Au milieu de décembre, Laforgue, qui ne se sentait pas gai et qui se préparait à partir en Alsace, reçut rue d’Ulm un paquet de feuillets dactylographiés, qui n’étaient accompagnés d’aucune lettre. Le dernier feuillet portait simplement la signature de Serge. Voici ce qu’avait écrit Pluvinage :

Au fond, si mon père n’avait pas exercé ce métier, peut-être ne se serait-il absolument rien passé…

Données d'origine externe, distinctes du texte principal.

(* Let $R$ be a $\sigma$-(sps) Armendariz ring, where $\sigma$ is an endomorphism of $R$. Let $f=\sum_{i=0}^\infty a_ix^i$, $g=\sum_{j=0}^\infty b_jx^j$, $h=\sum_{k=0}^\infty c_kx^k\in R[[x;\sigma]]$. If $fgh=0$, then $a_ib_jc_k=0$ for all $i,j,k\ge 0$.
   Context: All rings are associative with identity; $\sigma$ denotes a nonzero, non-identity ring endomorphism of $R$. The skew power series ring $R[[x;\sigma]]$ consists of all formal series $\sum_{i=0}^\infty a_i x^i$ with $a_i\in R$, added termwise and multiplied using distributivity and the rule $xa=\sigma(a)x$ for $a\in R$. A ring $R$ is $\sigma$-(sps) Armendariz if whenever $p=\sum_{i=0}^\infty a_ix^i$ and $q=\sum_{j=0}^\infty b_jx^j$ in $R[[x;\sigma]]$ satisfy $pq=0$, then $a_ib_j=0$ for all $i,j$. *)

From HB Require Import structures.
From mathcomp Require Import all_boot all_order all_algebra.
Set Implicit Arguments. Unset Strict Implicit. Unset Printing Implicit Defensive.
Import GRing.Theory.
Local Open Scope ring_scope.

(* A skew power series sum_i a_i x^i in R[[x;sigma]] is represented by its
   coefficient sequence i |-> a_i. *)
Definition sps (R : nzRingType) := nat -> R.

(* Multiplication in R[[x;sigma]]: using x a = sigma(a) x, hence
   (a_i x^i)(b_j x^j) = a_i sigma^i(b_j) x^(i+j), so the n-th coefficient of
   p q is sum_{i=0}^n a_i sigma^i(b_(n-i)). *)
Definition spmul (R : nzRingType) (s : R -> R) (p q : sps R) : sps R :=
  fun n => \sum_(i < n.+1) p i * iter i s (q (n - i)%N).

Definition sps_zero (R : nzRingType) (p : sps R) : Prop := forall n, p n = 0.

Definition sps_armendariz (R : nzRingType) (s : {rmorphism R -> R}) : Prop :=
  forall p q : sps R, sps_zero (spmul s p q) -> forall i j, p i * q j = 0.

From HB Require Import structures.
From mathcomp Require Import all_boot all_order all_algebra.
Import GRing.Theory.
Local Open Scope ring_scope.

(* The multiplication [spmul s] of R[[x;s]] is associative: both (fg)h and
   f(gh) have n-th coefficient sum_{l+m+r=n} f_l s^l(g_m) s^(l+m)(h_r).  This
   is checked coefficientwise by exchanging the two finite sums, using that
   the iterates s^k are ring morphisms.  Hence fgh = 0 means f(gh) = 0, and
   the Armendariz property gives f_i (gh)_n = 0 for all i, n.  Since left
   multiplication by the scalar f_i commutes with [spmul s] in the left
   factor, (f_i g) h = f_i (gh) = 0, where f_i g is the series m |-> f_i g_m;
   a second application of the Armendariz property yields f_i g_j h_k = 0. *)

Section IteratedMorphism.
Variables (R : nzRingType) (s : {rmorphism R -> R}) (k : nat).

Lemma iter_rmorphM (x y : R) : iter k s (x * y) = iter k s x * iter k s y.
Proof. by elim: k => //= k' IH; rewrite IH rmorphM. Qed.

Lemma iter_rmorph_sum (m : nat) (F : 'I_m -> R) :
  iter k s (\sum_(i < m) F i) = \sum_(i < m) iter k s (F i).
Proof. by elim: k => //= k' IH; rewrite IH rmorph_sum. Qed.

End IteratedMorphism.

Lemma big_ord_tail (V : nmodType) (F : nat -> V) (l n : nat) : (l <= n)%N ->
  \sum_(i < n.+1 | (l <= i)%N) F i = \sum_(m < (n - l).+1) F (m + l)%N.
Proof.
move=> le_ln.
rewrite -(big_geq_mkord l n.+1 xpredT F) -{1}(add0n l) big_addn big_mkord.
by rewrite subSn.
Qed.

Section SkewPowerSeries.
Variables (R : nzRingType) (s : {rmorphism R -> R}).

Lemma spmulA (p q r : sps R) (n : nat) :
  spmul s (spmul s p q) r n = spmul s p (spmul s q r) n.
Proof.
rewrite /spmul.
pose F (l i : nat) := p l * iter l s (q (i - l)%N) * iter i s (r (n - i)%N).
have expand_lhs : forall i : 'I_n.+1,
    (\sum_(l < i.+1) p l * iter l s (q (i - l)%N)) * iter i s (r (n - i)%N) =
    \sum_(l < n.+1 | (l <= i)%N) F l i.
  by move=> i; rewrite mulr_suml (big_ord_widen n.+1 (F^~ i) (ltn_ord i)).
rewrite (eq_bigr _ (fun i _ => expand_lhs i)) /=.
(* Make l the outer index, then reindex the inner sum by m = i - l. *)
rewrite (exchange_big_dep xpredT) //=.
apply: eq_bigr => l _.
rewrite iter_rmorph_sum mulr_sumr (big_ord_tail _ (F l)); last by rewrite -ltnS.
apply: eq_bigr => m _.
by rewrite /F iter_rmorphM mulrA addnK -iterD addnC subnDA.
Qed.

Lemma sps_zero_spmulA (p q r : sps R) :
  sps_zero (spmul s (spmul s p q) r) -> sps_zero (spmul s p (spmul s q r)).
Proof. by move=> pq_r0 n; rewrite -spmulA. Qed.

Lemma spmul_scalel (a : R) (p q : sps R) (n : nat) :
  spmul s (fun m => a * p m) q n = a * spmul s p q n.
Proof. by rewrite /spmul mulr_sumr; apply: eq_bigr => l _; rewrite mulrA. Qed.

End SkewPowerSeries.

Arguments sps_zero_spmulA {R s p q r}.

Theorem lemma2p4 (R : nzRingType) (s : {rmorphism R -> R})
  (s_nonzero : exists r : R, s r <> 0)
  (s_nonid : exists r : R, s r <> r)
  (HA : sps_armendariz s) (f g h : sps R) :
  sps_zero (spmul s (spmul s f g) h) ->
  forall i j k : nat, f i * g j * h k = 0.
Proof.
move=> fg_h0 i j k.
have fi_gh0 := HA _ _ (sps_zero_spmulA fg_h0) i.
have fig_h0 : sps_zero (spmul s (fun m => f i * g m) h).
  by move=> n; rewrite spmul_scalel fi_gh0.
exact: HA _ _ fig_h0 j k.
Qed.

Mon père était fonctionnaire à la préfecture de la Seine, ça n’a l’air de rien, il se faisait graver des cartes de visite avec son titre de chef de bureau, mais il ne s’occupait pas des choses possibles, de l’éclairage ou des transports ou de la voie publique ou des carrières ; il n’avait pas ces fonctions agrestes et célestes de la conservation des promenades ou de la subdivision spéciale des horloges et des paratonnerres, il n’était même pas chargé de la régie des poêles, rue d’Ulm en face de l’École normale : quand j’avais douze ans, il était devenu chef de bureau des inhumations à la direction des affaires municipales et du contentieux. Dans son bureau, sous les combles de la préfecture, dans l’annexe de la rue Lobau, de sages aquarelles étaient pendues contre la tapisserie jaune vert à bandes vert foncé, c’étaient des vues de cimetières et de chapelles généralement représentées sous un ciel d’automne avec des feuilles mortes dans tous les coins. Comme ces fils d’industriels ou d’ingénieurs qui font leurs premiers

  1. Voir Europe, numéros des 15 septembre, 15 octobre et 15 novembre 1938.